How to finetune with a own private data and then build chatbot on that?

meta-llama / llama-recipes

Scripts for fine-tuning Meta Llama with composable FSDP & PEFT methods to cover single/multi-node GPUs. Supports default & custom datasets for applications such as summarization and Q&A. Supporting a number of candid inference solutions such as HF TGI, VLLM for local or cloud deployment. Demo apps to showcase Meta Llama for WhatsApp & Messenger.

12.02k stars 1.87k forks source link

How to finetune with a own private data and then build chatbot on that? #71

Closed rjtshrm closed 1 month ago

rjtshrm commented 1 year ago

So far with the example of fine tuning I see examples of summarisation, chatbot based on specific use cases etc. However, I want to build the a chatbot based on my own private data (100s of PDF & word files). How can I fine tune on this. The approach I am thinking is 1-> LoRA fine tuning of the base alpaca model on my own private data 2-> LoRA fine tuning of the above model on some input output prompts.

Is it a good technique for build chatbot on private datasets. Please someone can suggest a good way of building model based on private data.

HamidShojanazeri commented 9 months ago

@rjtshrm this looks fine, has your methods been successful? happy to chat more on this.

IamExperimenting commented 7 months ago

@rjtshrm were you able succussfully complete your approach? how was the result?

@HamidShojanazeri, I'm also going try the same approach. Did the Llama team open source the instruction dataset? so, that I can download and use that dataset to fine tune the model.

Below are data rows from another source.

(* Let $\tilde L$ be a minimum-size counterexample. Then there is a join-irreducible element $j$ of $\tilde L$ that is less than or equal to more than half of the meet-irreducible elements of $\tilde L$.
   Context: For a poset $P$, $x$ upper covers $y$ (and $y$ lower covers $x$) if $y<x$ with nothing strictly between. Join-irreducible: upper covers exactly one element; meet-irreducible: lower covers exactly one element. For $x\in P$, ${\uparrow}x=\{y: x\le y\}$. A counterexample is a finite lattice $L$ with $|L|>1$ in which every join-irreducible $j$ satisfies $|{\uparrow}j|>|L|/2$; a minimum-size counterexample is a counterexample $\tilde L$ such that no counterexample has fewer elements. *)

From HB Require Import structures.
From mathcomp Require Import all_boot all_order.
Set Implicit Arguments. Unset Strict Implicit. Unset Printing Implicit Defensive.
Import Order.TTheory.
Local Open Scope order_scope.

Definition covers d (P : finPOrderType d) (x y : P) : bool :=
  (y < x) && [forall z : P, ~~ ((y < z) && (z < x))].

Definition join_irr d (P : finPOrderType d) (j : P) : bool :=
  #|[set y : P | covers j y]| == 1%N.

Definition meet_irr d (P : finPOrderType d) (m : P) : bool :=
  #|[set y : P | covers y m]| == 1%N.

Definition upset d (P : finPOrderType d) (x : P) : {set P} := [set y : P | x <= y].

(* counterexample: finite lattice with |L| > 1 in which every join-irreducible
   j satisfies |up j| > |L|/2, i.e. 2|up j| > |L| *)
Definition counterexample d (L : finLatticeType d) : Prop :=
  (1 < #|L|)%N /\ forall j : L, join_irr j -> (#|L| < 2 * #|upset j|)%N.

Definition min_counterexample d (L : finLatticeType d) : Prop :=
  counterexample L /\
  forall (d' : Order.disp_t) (L' : finLatticeType d'),
    (#|L'| < #|L|)%N -> ~ counterexample L'.

From HB Require Import structures.
From mathcomp Require Import all_boot all_order.
Set Implicit Arguments. Unset Strict Implicit. Unset Printing Implicit Defensive.
Import Order.TTheory.
Local Open Scope order_scope.

(* Let M be the set of meet-irreducible elements of a finite lattice L and K its
   complement.  K contains the top and is closed under meets (a meet-irreducible
   element strictly below x and y is strictly below x `&` y), so it is a lattice;
   it is smaller than L because coatoms are meet-irreducible.  If L is a
   minimum-size counterexample, K is therefore not one.  K is not trivial: if the
   top were its only element, the top would be join-irreducible with a one-element
   up-set.  Hence K has a join-irreducible j' with |up j'| <= |K|/2.  A minimal
   j <= j' of L not below the lower cover of j' is join-irreducible in L and
   (up j) :&: K is exactly up j' in K.  As |up j| > (|K| + |M|)/2, the
   meet-irreducible part of up j exceeds |M|/2. *)

Section FinPOrder.
Variables (d : Order.disp_t) (P : finPOrderType d).
Implicit Types (t x y z c j m u : P) (p : pred P).

Definition downset x : {set P} := [set y | y <= x].

Lemma card_downset_lt x y : x < y -> (#|downset x| < #|downset y|)%N.
Proof.
move=> xy; apply/proper_card/properP; split.
  by apply/subsetP=> z; rewrite !inE => /le_trans; apply; apply: ltW.
by exists y; rewrite !inE ?lexx // lt_geF.
Qed.

Lemma ex_minimal p x : p x -> exists2 m, p m & forall y, y < m -> ~~ p y.
Proof.
move=> px; case: (arg_minnP (fun z => #|downset z|) px) => m pm m_min.
by exists m => // y ym; apply/negP=> /m_min; rewrite leqNgt card_downset_lt.
Qed.

Lemma ex_maximal p x : p x -> exists2 m, p m & forall y, m < y -> ~~ p y.
Proof.
move=> px; case: (arg_maxnP (fun z => #|downset z|) px) => m pm m_max.
by exists m => // y my; apply/negP=> /m_max /=; rewrite leqNgt card_downset_lt.
Qed.

Lemma lt_ex_upper_cover x z : z < x -> exists2 u, covers u z & u <= x.
Proof.
move=> zx; have /(@ex_minimal (fun u => (z < u) && (u <= x)))[u /andP[zu ux] u_min] :
  (z < x) && (x <= x) by rewrite zx lexx.
exists u => //; rewrite /covers zu; apply/forallP=> v; apply/negP=> /andP[zv vu].
by move: (u_min v vu); rewrite zv (le_trans (ltW vu) ux).
Qed.

Lemma lt_ex_lower_cover x z : z < x -> exists2 w, covers x w & z <= w.
Proof.
move=> zx; have /(@ex_maximal (fun w => (z <= w) && (w < x)))[w /andP[zw wx] w_max] :
  (z <= z) && (z < x) by rewrite lexx zx.
exists w => //; rewrite /covers wx; apply/forallP=> v; apply/negP=> /andP[wv vx].
by move: (w_max v wv); rewrite vx (le_trans zw (ltW wv)).
Qed.

Lemma meet_irrP m : reflect (exists u, forall v, covers v m = (v == u)) (meet_irr m).
Proof.
apply: (iffP cards1P) => -[u Hu]; exists u.
  by move=> v; rewrite -in_set1 -Hu inE.
by apply/setP=> v; rewrite !inE Hu.
Qed.

Lemma join_irrP j : reflect (exists c, forall v, covers j v = (v == c)) (join_irr j).
Proof.
apply: (iffP cards1P) => -[c Hc]; exists c.
  by move=> v; rewrite -in_set1 -Hc inE.
by apply/setP=> v; rewrite !inE Hc.
Qed.

Lemma meet_irr_covers_eq m u v : meet_irr m -> covers u m -> covers v m -> u = v.
Proof. by case/meet_irrP=> w Hw; rewrite !Hw => /eqP-> /eqP->. Qed.

Lemma join_irr_covers_eq j c v : join_irr j -> covers j c -> covers j v -> c = v.
Proof. by case/join_irrP=> w Hw; rewrite !Hw => /eqP-> /eqP->. Qed.

Lemma join_irr_lt_le_cover j c y : join_irr j -> covers j c -> y < j -> y <= c.
Proof.
move=> jJ jc /lt_ex_lower_cover[w jw yw].
by rewrite (join_irr_covers_eq jJ jc jw).
Qed.

Lemma top_meet_irrN t : (forall z, z <= t) -> ~~ meet_irr t.
Proof.
move=> t_top; apply/meet_irrP=> -[u Hu]; have /andP[tu _] : covers u t by rewrite Hu.
by have := lt_geF tu; rewrite t_top.
Qed.

Lemma covers_lt_le_eq t x y : covers t x -> x < y -> y <= t -> y = t.
Proof.
case/andP=> _ /forallP/(_ y) between xy yt; apply/eqP; rewrite eq_le yt /=.
by apply: contraNT between => ty; rewrite xy lt_leAnge yt.
Qed.

Lemma covers_antichain t x y : covers t x -> covers t y -> x <= y -> x = y.
Proof.
move=> tx /andP[yt _]; rewrite le_eqVlt => /predU1P[//|xy].
by have := covers_lt_le_eq tx xy (ltW yt) => y_t; rewrite y_t ltxx in yt.
Qed.

Lemma ex_lt_top t : (1 < #|P|)%N -> (forall z, z <= t) -> exists y, y < t.
Proof.
move=> P_gt1 t_top; have [a [b [_ _ ab]]] := card_gt1P P_gt1.
case: (eqVneq a t) => [a_t|]; [exists b | exists a]; rewrite lt_neqAle t_top andbT //.
by rewrite -a_t eq_sym.
Qed.

Lemma coatom_meet_irr t y : (forall z, z <= t) -> covers t y -> meet_irr y.
Proof.
move=> t_top ty; apply/meet_irrP; exists t => u; apply/idP/eqP=> [/andP[yu _]|->//].
exact: covers_lt_le_eq ty yu (t_top u).
Qed.

End FinPOrder.

Section FinLattice.
Variables (d : Order.disp_t) (L : finLatticeType d).
Implicit Types (c j t w x y z : L) (s : seq L).

Lemma meet_irr_ltI z x y : meet_irr z -> z < x -> z < y -> z < x `&` y.
Proof.
move=> zM /lt_ex_upper_cover[u zu ux] /lt_ex_upper_cover[v zv vy].
rewrite -(meet_irr_covers_eq zM zu zv) in vy.
by case/andP: zu => zu _; apply: lt_le_trans zu _; rewrite lexI ux vy.
Qed.

Lemma meet_irrNI x y : ~~ meet_irr x -> ~~ meet_irr y -> ~~ meet_irr (x `&` y).
Proof.
move=> xN yN; apply/negP=> xyM.
have xy_x : x `&` y < x by rewrite lt_neqAle leIl andbT; apply: contraNneq xN => <-.
have xy_y : x `&` y < y by rewrite lt_neqAle leIr andbT; apply: contraNneq yN => <-.
by have := meet_irr_ltI xyM xy_x xy_y; rewrite ltxx.
Qed.

Lemma covers_meet_lt t x y : covers t x -> covers t y -> x != y -> x `&` y < x.
Proof.
move=> tx ty xy; rewrite lt_neqAle leIl andbT.
by apply: contraNneq xy => /eqP; rewrite -leEmeet => /(covers_antichain tx ty)->.
Qed.

(* The seed [x] only supplies an inhabitant; the result is the top of [L]. *)
Definition top_of x : L := foldr Order.join x (enum L).

Lemma le_top_of x z : z <= top_of x.
Proof.
have : z \in enum L by rewrite mem_enum.
rewrite /top_of; elim: (enum L) => //= a s IH; rewrite inE => /predU1P[->|/IH zs].
  exact: leUl.
exact: le_trans zs (leUr _ _).
Qed.

Lemma top_join_irr t : (1 < #|L|)%N -> (forall z, z <= t) ->
  (forall y, y < t -> meet_irr y) -> join_irr t.
Proof.
move=> L_gt1 t_top below_M; have [y0 y0t] := ex_lt_top L_gt1 t_top.
have [c tc _] := lt_ex_lower_cover y0t.
apply/join_irrP; exists c => y; apply/idP/eqP => [ty|-> //].
case: (eqVneq y c) => // yc; have /andP[yt _] := ty.
have yc_t : y `&` c < t by apply: le_lt_trans yt; apply: leIl.
have yc_c : y `&` c < c by rewrite meetC; apply: covers_meet_lt tc ty _; rewrite eq_sym.
by have := meet_irr_ltI (below_M _ yc_t) (covers_meet_lt ty tc yc) yc_c; rewrite ltxx.
Qed.

Lemma le_foldr_meet w t s : w <= t -> all (>= w) s -> w <= foldr Order.meet t s.
Proof. by move=> wt; elim: s => //= a s IH /andP[wa /IH ws]; rewrite lexI wa ws. Qed.

Lemma foldr_meet_le z t s : z \in s -> foldr Order.meet t s <= z.
Proof.
elim: s => //= a s IH; rewrite inE => /predU1P[->|/IH sz]; first exact: leIl.
exact: le_trans (leIr _ _) sz.
Qed.

Lemma foldr_meet_nonmi t s : ~~ meet_irr t -> all (fun z => ~~ meet_irr z) s ->
  ~~ meet_irr (foldr Order.meet t s).
Proof. by move=> tN; elim: s => //= a s IH /andP[aN /IH sN]; apply: meet_irrNI. Qed.

Definition nonmi_hull x y : L :=
  foldr Order.meet (top_of x) [seq z <- enum L | ~~ meet_irr z && (x <= z) && (y <= z)].

Lemma nonmi_hullN x y : ~~ meet_irr (nonmi_hull x y).
Proof.
apply: foldr_meet_nonmi; first by apply/top_meet_irrN/le_top_of.
by apply/allP=> z; rewrite mem_filter => /andP[/andP[/andP[]]].
Qed.

Lemma nonmi_hull_le x y z : ~~ meet_irr z -> (nonmi_hull x y <= z) = (x <= z) && (y <= z).
Proof.
move=> zN; apply/idP/andP=> [hull_z|[xz yz]]; last first.
  by apply: foldr_meet_le; rewrite mem_filter zN xz yz mem_enum.
have [x_hull y_hull] : x <= nonmi_hull x y /\ y <= nonmi_hull x y.
  by split; apply: le_foldr_meet; rewrite ?le_top_of //; apply/allP=> v;
    rewrite mem_filter => /andP[/andP[/andP[_ xv yv] _]].
by rewrite (le_trans x_hull hull_z) (le_trans y_hull hull_z).
Qed.

Lemma join_irr_of_lt_le j c : ~~ (j <= c) -> (forall y, y < j -> y <= c) -> join_irr j.
Proof.
move=> jc below_c.
have jc_j : j `&` c < j by rewrite lt_neqAle leIl andbT; apply: contraNneq jc => <-; apply: leIr.
have [y1 jy1 _] := lt_ex_lower_cover jc_j; have /andP[y1j _] := jy1.
apply/join_irrP; exists y1 => y; apply/idP/eqP => [jy|-> //]; have /andP[yj _] := jy.
case: (eqVneq y y1) => // yy1; case/negP: jc.
have y_yy1 : y < y `|` y1.
  rewrite lt_neqAle leUl andbT; apply: contraNneq yy1 => /eqP.
  by rewrite eq_sym joinC -leEjoin => /(covers_antichain jy1 jy) ->.
have <- : y `|` y1 = j by apply: covers_lt_le_eq jy y_yy1 _; rewrite leUx !ltW.
by rewrite leUx !below_c.
Qed.

Definition nonmi := {x : L | ~~ meet_irr x}.

End FinLattice.

HB.instance Definition _ d (L : finLatticeType d) :=
  [isSub of nonmi L for @sval L (fun x => ~~ meet_irr x)].
HB.instance Definition _ d (L : finLatticeType d) := [Finite of nonmi L by <:].
HB.instance Definition _ d (L : finLatticeType d) :=
  [SubChoice_isSubPOrder of nonmi L by <: with d].

Section NonMeetIrreducibleLattice.
Variables (d : Order.disp_t) (L : finLatticeType d).
Implicit Types x y z : nonmi L.

Definition nonmi_meet x y : nonmi L := Sub (val x `&` val y) (meet_irrNI (valP x) (valP y)).

Definition nonmi_join x y : nonmi L := Sub (nonmi_hull (val x) (val y)) (nonmi_hullN _ _).

Lemma nonmi_meetP x y z : (x <= nonmi_meet y z) = (x <= y) && (x <= z).
Proof. by rewrite -!Order.le_val SubK lexI. Qed.

Lemma nonmi_joinP x y z : (nonmi_join x y <= z) = (x <= z) && (y <= z).
Proof. by rewrite -!Order.le_val SubK nonmi_hull_le ?(valP z). Qed.

End NonMeetIrreducibleLattice.

HB.instance Definition _ d (L : finLatticeType d) :=
  Order.POrder_MeetJoin_isLattice.Build d (nonmi L) (@nonmi_meetP d L) (@nonmi_joinP d L).

Section NonMeetIrreducibleCounting.
Variables (d : Order.disp_t) (L : finLatticeType d).

Lemma card_nonmi_set (p : pred L) :
  #|[set x : nonmi L | p (val x)]| = #|[set x : L | ~~ meet_irr x & p x]|.
Proof.
have -> : [set x : L | ~~ meet_irr x & p x] = val @: [set x : nonmi L | p (val x)].
  apply/setP=> x; rewrite inE; apply/andP/imsetP => [[xN px]|[y]].
    by exists (Sub x xN); rewrite ?inE SubK.
  by rewrite inE => py ->; split; first exact: (valP y).
by rewrite card_imset //; apply: val_inj.
Qed.

Lemma card_nonmi : (#|{: nonmi L}| + #|[set m : L | meet_irr m]|)%N = #|L|.
Proof.
rewrite card_sub -(cardC [set m : L | meet_irr m]) addnC; congr (_ + _).
by apply: eq_card => x; rewrite !inE.
Qed.

Lemma card_nonmi_lt : (1 < #|L|)%N -> (#|{: nonmi L}| < #|L|)%N.
Proof.
move=> L_gt1; have [a _] := card_gt0P (ltnW L_gt1).
have t_top : forall z, z <= top_of a := le_top_of a.
have [y yt] := ex_lt_top L_gt1 t_top; have [c tc _] := lt_ex_lower_cover yt.
rewrite -card_nonmi -[X in (X < _)%N]addn0 ltn_add2l; apply/card_gt0P.
by exists c; rewrite inE (coatom_meet_irr t_top tc).
Qed.

Lemma card_nonmi_gt1 : counterexample L -> (1 < #|{: nonmi L}|)%N.
Proof.
move=> [L_gt1 L_ce]; rewrite ltnNge; apply/negP=> /card_le1_eqP nonmi_triv.
have [a _] := card_gt0P (ltnW L_gt1); pose t := top_of a.
have t_top : forall z, z <= t := le_top_of a.
have tN : ~~ meet_irr t := top_meet_irrN t_top.
have below_M y : y < t -> meet_irr y.
  move=> yt; apply: contraTT yt => yN.
  by have := nonmi_triv (Sub y yN) (Sub t tN); rewrite !inE => /(_ isT isT) [->]; rewrite ltxx.
have := L_ce t (top_join_irr L_gt1 t_top below_M).
have -> : upset t = [set t] by apply/setP=> x; rewrite !inE eq_le t_top.
by rewrite cards1 ltnNge L_gt1.
Qed.

Lemma join_irr_lift (j' : nonmi L) : join_irr j' ->
  exists2 j : L, join_irr j & forall x : nonmi L, (j <= val x) = (j' <= x).
Proof.
move=> j'J; have [c' j'c'] : exists c', covers j' c'.
  by case/join_irrP: j'J => c' c'_cover; exists c'; rewrite c'_cover.
have c'j' : val c' < val j' by rewrite lt_val; case/andP: j'c'.
have /(@ex_minimal _ _ (fun z => (z <= val j') && ~~ (z <= val c')))[j /andP[jj' jc'] j_min] :
  (val j' <= val j') && ~~ (val j' <= val c') by rewrite lexx lt_geF.
have below_c' y : y < j -> y <= val c'.
  move=> yj; apply/negPn/negP => yc'.
  by have := j_min y yj; rewrite (le_trans (ltW yj) jj') yc'.
exists j; first exact: join_irr_of_lt_le jc' below_c'.
move=> x; apply/idP/idP => [jx|j'x]; last by apply: le_trans jj' _; rewrite Order.le_val.
case: (eqVneq (x `&` j') j') => [<-|xj'_neq]; first exact: leIl.
have xj'_j' : x `&` j' < j' by rewrite lt_neqAle xj'_neq leIr.
have := join_irr_lt_le_cover j'J j'c' xj'_j'; rewrite -Order.le_val /= => xj'_c'.
by case/negP: jc'; apply: le_trans xj'_c'; rewrite lexI jx jj'.
Qed.

End NonMeetIrreducibleCounting.

Lemma not_counterexample d (L : finLatticeType d) : (1 < #|L|)%N -> ~ counterexample L ->
  exists2 j : L, join_irr j & (2 * #|upset j| <= #|L|)%N.
Proof.
move=> L_gt1 L_nce.
have /existsP[j /andP[jJ j_small]] : [exists j : L, join_irr j && (2 * #|upset j| <= #|L|)%N].
  apply: contraT => /existsPn no_small; case: L_nce; split=> // j jJ.
  by move: (no_small j); rewrite jJ ltnNge.
by exists j.
Qed.

Theorem corollary2p10 (d : Order.disp_t) (L : finLatticeType d) :
  min_counterexample L ->
  exists j : L, join_irr j /\
    (#|[set m : L | meet_irr m]| < 2 * #|[set m : L | meet_irr m && (j <= m)%O]|)%N.
Proof.
move=> [L_ce L_min]; have [L_gt1 _] := L_ce.
have [j' j'J j'_small] := not_counterexample (card_nonmi_gt1 L_ce)
  (L_min _ _ (card_nonmi_lt L_gt1)).
have [j jJ j_lift] := join_irr_lift j'J.
exists j; split=> //.
have card_up_j' : #|upset j'| = #|[set x : L | ~~ meet_irr x & j <= x]|.
  by rewrite -card_nonmi_set; apply: eq_card => x; rewrite !inE j_lift.
have card_up_j : #|upset j| = (#|[set x : L | ~~ meet_irr x & (j <= x)%O]| +
                               #|[set m : L | meet_irr m && (j <= m)%O]|)%N.
  rewrite -(cardsID [set m : L | meet_irr m] (upset j)) addnC.
  by congr (_ + _); apply: eq_card => x; rewrite !inE andbC.
have := L_ce.2 j jJ; rewrite -(card_nonmi L) card_up_j mulnDr => /leq_trans.
by rewrite card_up_j' in j'_small => /(_ _ (leq_add j'_small (leqnn _))); rewrite ltn_add2l.
Qed.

@HamidShojanazeri I have one question, is it mandatory build the instruction dataset(like question and answer prompt) should be from the training dataset(my domain dataset)? or can I randomly use any instruction dataset to fine tune the model, just to make the model to adapt to this instruction prompt?

can you please provide your thoughts?

HamidShojanazeri commented 7 months ago

@IamExperimenting Llama team didn't open source the instruction dataset, I am working on e2e recipe for chatbot. But overall you can use this example of custom dataset which uses open assistant dataset and you can see if you are using llama-chat as your base model you would need this special tokens being added as shown in the script.

, is it mandatory build the instruction dataset(like question and answer prompt) should be from the training dataset(my domain dataset)? or can I randomly use any instruction dataset to fine tune the model, just to make the model to adapt to this instruction prompt?

If you want do a chat bot on your specific domain for sure you need that data either inform of Q&A or instruction and out sets.